## Exercise input
*** Block opens ***
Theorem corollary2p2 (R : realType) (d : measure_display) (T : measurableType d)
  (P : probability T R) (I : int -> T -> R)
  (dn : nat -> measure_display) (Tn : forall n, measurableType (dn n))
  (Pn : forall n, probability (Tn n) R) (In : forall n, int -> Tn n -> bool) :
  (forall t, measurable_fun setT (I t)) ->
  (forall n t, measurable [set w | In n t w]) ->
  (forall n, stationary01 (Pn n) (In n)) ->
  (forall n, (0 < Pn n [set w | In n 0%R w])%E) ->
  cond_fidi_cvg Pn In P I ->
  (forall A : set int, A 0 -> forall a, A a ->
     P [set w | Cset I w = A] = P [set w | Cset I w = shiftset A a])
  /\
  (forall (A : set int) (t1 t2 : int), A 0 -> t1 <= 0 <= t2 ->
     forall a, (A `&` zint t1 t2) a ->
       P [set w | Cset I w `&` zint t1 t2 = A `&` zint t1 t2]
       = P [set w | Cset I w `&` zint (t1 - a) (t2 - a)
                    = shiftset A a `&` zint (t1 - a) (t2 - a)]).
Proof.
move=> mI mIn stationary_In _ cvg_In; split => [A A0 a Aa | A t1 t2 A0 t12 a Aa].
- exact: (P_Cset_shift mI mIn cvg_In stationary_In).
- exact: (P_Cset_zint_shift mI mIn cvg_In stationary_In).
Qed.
*** Block closes ***
## What you need to do
With the line containing "- exact: (P_Cset_zint_shift" as the start, transcribe each line through the end of the listing above, exactly and only.

## Result of the task
- exact: (P_Cset_zint_shift mI mIn cvg_In stationary_In).
Qed.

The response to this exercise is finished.